[Collected data]
+++

(* Let $d>d_{\min}$, $n\in\mathbb{N}_+$, $\epsilon\in[0,1]$, and let $\mathcal{S}$ be any $(n,d,\epsilon,\mathcal{A})$ sampling (the case $k=1$). Let $(W,T,H)$ have joint law $P^{\mathcal{A}}_{H|T}P^{\mathcal{S}}_{T|W}P_W$. Then $$\epsilon \;\ge\; \sup_{\gamma\ge 0}\Big\{\mathbb{P}\big[\jmath_W(W,H,d,\mathcal{A})\ge bn+\gamma\big]-e^{-\gamma}\Big\}.$$
   Context: Framework. $\mathcal{W}$ is a countable set and $W\sim P_W$ on $\mathcal{W}$. For $k\in\mathbb{N}_+$, $W^k=(W_1,\dots,W_k)$ has i.i.d. components with law $P_W$. $\mathcal{H}$ is a countable set of hypotheses. Each training sample is described by a fixed number $b\in\mathbb{N}_+$ of bits. $\mathcal{T}_n$ denotes the set of all training datasets of size $n$, and $|\mathcal{T}_n|=2^{bn}$. A sampling strategy $\mathcal{S}$ is a Markov kernel $P^{\mathcal{S}}_{T|W^k}$ from $\mathcal{W}^k$ to training datasets. A randomized learning algorithm $\mathcal{A}$ is a fixed Markov kernel $P^{\mathcal{A}}_{H|T}$ from training datasets to $\mathcal{H}$. The hypothesis is $H=\mathcal{A}(\mathcal{S}(W^k))$, so that $W^k\to T\to H$ is a Markov chain. The distortion $\mathsf{d}:\mathcal{W}\times\mathcal{H}\to[0,\infty)$ is bounded (Assumption (I)), and $\mathsf{d}(w^k;h):=\frac1k\sum_{i=1}^k\mathsf{d}(w_i;h)$. All logarithms are natural. $(k,n,d,\epsilon,\mathcal{A})$ sampling: a sampling strategy $\mathcal{S}$ such that $|\mathcal{S}(W^k)|=n$ almost surely and $\mathbb{P}[\mathsf{d}(W^k;\mathcal{A}(\mathcal{S}(W^k)))>d]\le\epsilon$. For $k=1$ it is called an $(n,d,\epsilon,\mathcal{A})$ sampling. Rate-distortion quantity (for $k=1$): $$\mathbb{R}_W(d,\mathcal{A}):=\inf_{P^{\mathcal{S}}_{T|W}:\ \mathbb{E}_{P^{\mathcal{A}}_{H|T}P^{\mathcal{S}}_{T|W}P_W}[\mathsf{d}(W;H)]\le d}\ \mathbb{I}(W;H).$$ $d_{\min}:=\inf\{d:\mathbb{R}_W(d,\mathcal{A})<\infty\}$ is assumed to exist and be finite (Assumption (II)). Assumption (III): there is an optimal sampling strategy $\mathcal{S}^*$, with kernel $P^{\mathcal{S}^*}_{T|W}$, attaining the infimum and satisfying $\mathbb{E}[\mathsf{d}(W;\mathcal{A}(\mathcal{S}^*(W)))]=d$. $H^{\mathcal{S}^*}_{\mathcal{A}}$ denotes the hypothesis with joint law $P^{\mathcal{A},\mathcal{S}^*}_{H|W}P_W$, where $P^{\mathcal{A},\mathcal{S}^*}_{H|W}(h|w)=\sum_t P^{\mathcal{A}}_{H|T}(h|t)P^{\mathcal{S}^*}_{T|W}(t|w)$. Information density: $\iota_{W;H^{\mathcal{S}^*}_{\mathcal{A}}}(w;h):=\log\frac{\mathrm{d}P_{WH}}{\mathrm{d}(P_W\times P_H)}(w,h)$, computed under this joint law. $\lambda^*_{\mathcal{A}}(d):=-\frac{\mathrm{d}\mathbb{R}_W(d,\mathcal{A})}{\mathrm{d}d}>0$. The $\mathcal{A}$-specified $d$-tilted information is $$\jmath_W(w,h,d,\mathcal{A}):=\iota_{W;H^{\mathcal{S}^*}_{\mathcal{A}}}(w;h)+\lambda^*_{\mathcal{A}}(d)\big(\mathsf{d}(w;h)-d\big).$$ *)

From HB Require Import structures.
From mathcomp Require Import all_boot all_order all_algebra.
From mathcomp Require Import all_classical all_reals all_analysis.
Set Implicit Arguments. Unset Strict Implicit. Unset Printing Implicit Defensive.
Import Order.TTheory GRing.Theory Num.Theory.
Local Open Scope classical_set_scope.
Local Open Scope ring_scope.
Local Open Scope ereal_scope.

(* Training samples are b-bit strings; a training dataset is a finite
   sequence of samples.  Datasets of size n are those with [size t = n];
   there are exactly 2^(b n) of them. *)
Definition Dataset (b : nat) := seq (b.-tuple bool).

Section Defs.
Variable R : realType.

Definition is_pmf (T : countType) (p : T -> R) : Prop :=
  (forall t, (0 <= p t)%R) /\ \esum_(t in [set: T]) (p t)%:E = 1.

Definition is_kernel (X Y : countType) (K : X -> Y -> R) : Prop :=
  forall x, is_pmf (K x).

Variables (W H : countType) (b : nat).
Variables (PW : W -> R) (A : Dataset b -> H -> R) (dist : W -> H -> R).

Definition compK (S : W -> Dataset b -> R) (w : W) (h : H) : R :=
  fine (\esum_(t in [set: Dataset b]) (S w t * A t h)%:E).

Definition jointWH (S : W -> Dataset b -> R) (w : W) (h : H) : R :=
  (PW w * compK S w h)%R.

Definition margH (S : W -> Dataset b -> R) (h : H) : R :=
  fine (\esum_(w in [set: W]) (jointWH S w h)%:E).

Definition probWH (S : W -> Dataset b -> R) (E : set (W * H)) : \bar R :=
  \esum_(x in E) (jointWH S x.1 x.2)%:E.

Definition exp_dist (S : W -> Dataset b -> R) : \bar R :=
  \esum_(x in [set: W * H]) (jointWH S x.1 x.2 * dist x.1 x.2)%:E.

(* nonnegative KL summand  p log(p/q) - p + q  (with 0 log 0 = 0, p log(p/0) = +oo);
   summing it for two pmfs gives D(P||Q) in [0,+oo]. *)
Definition kl_term (p q : R) : \bar R :=
  if p == 0%R then q%:E
  else if q == 0%R then +oo
  else (p * ln (p / q) - p + q)%:E.
(* Let $\Gamma$ be a strongly regular graph. Then $E(\Gamma)=E(\bar\Gamma)$ and $\Gamma$, $\bar\Gamma$ are not isospectral if and only if $\Gamma$ has $OA(n,m)$ parameters, i.e. parameters $(n^2, m(n-1), m^2-3m+n, m(m-1))$, for some positive integers $n,m$ with $m\neq n+1$ and $m\neq \tfrac{n+1}{2}$.
   Context: A strongly regular graph with parameters $(n,k,e,d)$ is a $k$-regular simple graph on $n$ vertices, neither complete nor edgeless, in which adjacent vertices have $e$ common neighbours and distinct non-adjacent vertices have $d$ common neighbours. $\bar\Gamma$ is the complement. The energy $E$ is the sum of the absolute values of the adjacency eigenvalues (with multiplicity); isospectral means equal adjacency spectra with multiplicities. *)

From HB Require Import structures.
From mathcomp Require Import all_boot all_order all_algebra all_field.
Set Implicit Arguments. Unset Strict Implicit. Unset Printing Implicit Defensive.
Import Order.TTheory GRing.Theory Num.Theory.
Local Open Scope ring_scope.

Definition simple_graph N (adj : rel 'I_N) : Prop :=
  (forall u v, adj u v = adj v u) /\ (forall u, ~~ adj u u).

Definition complement N (adj : rel 'I_N) : rel 'I_N :=
  fun u v => (u != v) && ~~ adj u v.

Definition common_nbrs N (adj : rel 'I_N) (u v : 'I_N) : nat :=
  #|[set w | adj u w && adj v w]|.

Definition srg N (adj : rel 'I_N) (k e d : nat) : Prop :=
  simple_graph adj /\
  [/\ (forall u, #|[set w | adj u w]| = k),
      (exists u v, u != v /\ ~~ adj u v),
      (exists u v, adj u v),
      (forall u v, adj u v -> common_nbrs adj u v = e)
    & (forall u v, u != v -> ~~ adj u v -> common_nbrs adj u v = d)].

Definition adjmx N (adj : rel 'I_N) : 'M[algC]_N :=
  \matrix_(i, j) (adj i j)%:R.

(* Eigenvalues with multiplicity: the roots of the characteristic polynomial. *)
Definition spectrum N (A : 'M[algC]_N) : seq algC :=
  sval (closed_field_poly_normal (char_poly A)).

Lemma spectrumP N (A : 'M[algC]_N) :
  char_poly A = \prod_(z <- spectrum A) ('X - z%:P).
Proof.
rewrite /spectrum; case: closed_field_poly_normal => r /= {1}->.
by rewrite (monicP (char_poly_monic A)) scale1r.
Qed.

Definition energy N (adj : rel 'I_N) : algC :=
  \sum_(z <- spectrum (adjmx adj)) `|z|.

Definition isospectral N (adj1 adj2 : rel 'I_N) : Prop :=
  perm_eq (spectrum (adjmx adj1)) (spectrum (adjmx adj2)).

From HB Require Import structures.
From mathcomp Require Import all_boot all_order all_algebra all_field.
From mathcomp Require Import spectral.
From mathcomp Require Import zify ring lra.
Set Implicit Arguments. Unset Strict Implicit. Unset Printing Implicit Defensive.
Import Order.TTheory GRing.Theory Num.Theory.
Local Open Scope ring_scope.

(* The adjacency matrix A of a strongly regular graph satisfies
   A^2 = (k - d) I + (e - d) A + d J and AJ = JA = kJ, and its complement J - I - A
   satisfies an identity of the same shape.  Hence the spectrum of the graph lies in
   {k, r, s}, where r >= 0 > s are the roots of x^2 - (e - d) x - (k - d), and that of
   the complement in {N - 1 - k, -1 - s, -1 - r}; the traces of A and A^2 fix the first
   two power sums.  A sequence supported on three points is determined up to permutation
   by its length and these two power sums, and on three such points |z| agrees with a
   quadratic, so both energies are explicit: they coincide iff
   (N - 1 - k) s + k (1 + r) = 0, and then the graphs are isospectral iff N - 1 - k = k.
   Otherwise the balance equation makes s rational, hence an integer since it is an
   algebraic integer; writing s = -m and r = n - m, the relation
   k (k - e - 1) = d (N - 1 - k) forces the OA(n, m) parameters.  Conversely, OA
   parameters give r = n - m and s = -m, which satisfy the balance, while
   N - 1 - k <> k because 2 m <> n + 1. *)

Section ThreeValuedSequences.

Variable R : numFieldType.
Implicit Types (S : seq R) (a b c : R).

Definition lagrange3 a b c (z : R) : R := (z - b) * (z - c) / ((a - b) * (a - c)).

Lemma sumr_const_seq S c : \sum_(z <- S) c = (size S)%:R * c.
Proof. by rewrite -[c in LHS]mul1r -mulr_suml -sum1_size natr_sum. Qed.

Lemma sum_lagrange3 S a b c :
  \sum_(z <- S) lagrange3 a b c z =
  (\sum_(z <- S) z ^+ 2 - (b + c) * \sum_(z <- S) z + (size S)%:R * (b * c))
    / ((a - b) * (a - c)).
Proof.
rewrite -mulr_suml; congr (_ / _).
transitivity (\sum_(z <- S) (z ^+ 2 - (b + c) * z + b * c)).
  by apply: eq_bigr => z _; ring.
by rewrite !big_split /= sumrN -mulr_sumr sumr_const_seq.
Qed.

Lemma sum_three_valued S a b c (f : R -> R) :
  a != b -> a != c -> b != c -> {subset S <= [:: a; b; c]} ->
  \sum_(z <- S) f z = f a * \sum_(z <- S) lagrange3 a b c z
    + f b * \sum_(z <- S) lagrange3 b c a z + f c * \sum_(z <- S) lagrange3 c a b z.
Proof.
move=> ab ac bc sub; rewrite !mulr_sumr -!big_split /=.
apply: eq_big_seq => z /sub; rewrite /lagrange3 !inE.
have ba : b != a by rewrite eq_sym.
have ca : c != a by rewrite eq_sym.
have cb : c != b by rewrite eq_sym.
by case/or3P => /eqP ->; field; rewrite !subr_eq0 ab ac bc ba ca cb.
Qed.

Lemma perm_eq_three_valued S1 S2 a b c :
  a != b -> a != c -> b != c ->
  {subset S1 <= [:: a; b; c]} -> {subset S2 <= [:: a; b; c]} ->
  size S1 = size S2 -> \sum_(z <- S1) z = \sum_(z <- S2) z ->
  \sum_(z <- S1) z ^+ 2 = \sum_(z <- S2) z ^+ 2 -> perm_eq S1 S2.
Proof.
move=> ab ac bc sub1 sub2 size12 sum12 sqr12.
have countE S x : (count_mem x S)%:R = \sum_(z <- S) ((z == x)%:R : R).
  by rewrite -sum1_count natr_sum big_mkcond; apply: eq_bigr => z _ /=; case: (z == x).
apply/allP => x _; rewrite /= -(eqr_nat R) !countE.
rewrite !(sum_three_valued (fun z => ((z == x)%:R : R)) ab ac bc) //.
by rewrite !sum_lagrange3 size12 sum12 sqr12.
Qed.

Lemma sum_norm_three_valued S K r s :
  {subset S <= [:: K; r; s]} -> 0 <= K -> 0 <= r -> s < 0 ->
  \sum_(z <- S) z = 0 -> \sum_(z <- S) z ^+ 2 = (size S)%:R * K ->
  \sum_(z <- S) `|z| = -2 * s * (size S)%:R * K * (1 + r) / ((s - K) * (s - r)).
Proof.
move=> sub K_ge0 r_ge0 s_lt0 sum0 sqr.
have sK : s - K != 0 by rewrite subr_eq0 (lt_eqF (lt_le_trans s_lt0 K_ge0)).
have sr : s - r != 0 by rewrite subr_eq0 (lt_eqF (lt_le_trans s_lt0 r_ge0)).
(* [|z|] is the quadratic that is [z] at [K] and [r], and [-z] at [s]. *)
have normE : {in S, forall z, `|z| = z - 2 * s * lagrange3 s K r z}.
  move=> z /sub; rewrite /lagrange3 !inE.
  by case/or3P => /eqP ->; rewrite ?(ger0_norm K_ge0, ger0_norm r_ge0, ltr0_norm s_lt0);
    field; apply/andP.
rewrite (eq_big_seq _ normE) sumrB -mulr_sumr sum_lagrange3 sum0 sqr.
by field; apply/andP.
Qed.

End ThreeValuedSequences.

Lemma char_poly_conj (R : comUnitRingType) n (P M : 'M[R]_n) : P \in unitmx ->
  char_poly (P *m M *m invmx P) = char_poly M.
Proof.
move=> P_unit; rewrite /char_poly.
set P' := map_mx polyC P; set Q' := map_mx polyC (invmx P).
have PQ : P' *m Q' = 1%:M by rewrite -map_mxM mulmxV // map_mx1.
have -> : char_poly_mx (P *m M *m invmx P) = P' *m char_poly_mx M *m Q'.
  rewrite /char_poly_mx !map_mxM -/P' -/Q' mulmxBr mulmxBl.
  by rewrite mul_mx_scalar -scalemxAl PQ scalemx1.
by rewrite !det_mulmx mulrC mulrA -det_mulmx (mulmx1C PQ) det1 mul1r.
Qed.

Lemma trig_mulmx_diag (R : pzSemiRingType) n (A B : 'M[R]_n) i :
  is_trig_mx A -> is_trig_mx B -> (A *m B) i i = A i i * B i i.
Proof.
move=> /is_trig_mxP A_trig /is_trig_mxP B_trig.
rewrite mxE (bigD1 i) //= big1 ?addr0 // => j /negbTE j_neq_i.
have [lt_ij|lt_ji|/val_inj eq_ij] := ltngtP i j; last by rewrite eq_ij eqxx in j_neq_i.
- by rewrite A_trig ?mul0r.
- by rewrite B_trig ?mulr0.
Qed.

Lemma size_spectrum n (M : 'M[algC]_n) : size (spectrum M) = n.
Proof. by have := size_char_poly M; rewrite spectrumP size_prod_XsubC => -[]. Qed.

Lemma perm_spectrum_trig n (P M : 'M[algC]_n) : P \in unitmx ->
  is_trig_mx (P *m M *m invmx P) ->
  perm_eq (spectrum M) [seq (P *m M *m invmx P) i i | i <- enum 'I_n].
Proof.
move=> P_unit T_trig; apply: prod_XsubC_eq.
by rewrite -spectrumP -(char_poly_conj M P_unit) char_poly_trig // big_map big_enum.
Qed.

+++

Your task: Among the entries above, the lines between the ones containing "sval (closed_field_poly_normal (char_poly" and "Definition energy N", inclusive, are to be transcribed exactly. No other line is to be given.

Response to the task:
  sval (closed_field_poly_normal (char_poly A)).

Lemma spectrumP N (A : 'M[algC]_N) :
  char_poly A = \prod_(z <- spectrum A) ('X - z%:P).
Proof.
rewrite /spectrum; case: closed_field_poly_normal => r /= {1}->.
by rewrite (monicP (char_poly_monic A)) scale1r.
Qed.

Definition energy N (adj : rel 'I_N) : algC :=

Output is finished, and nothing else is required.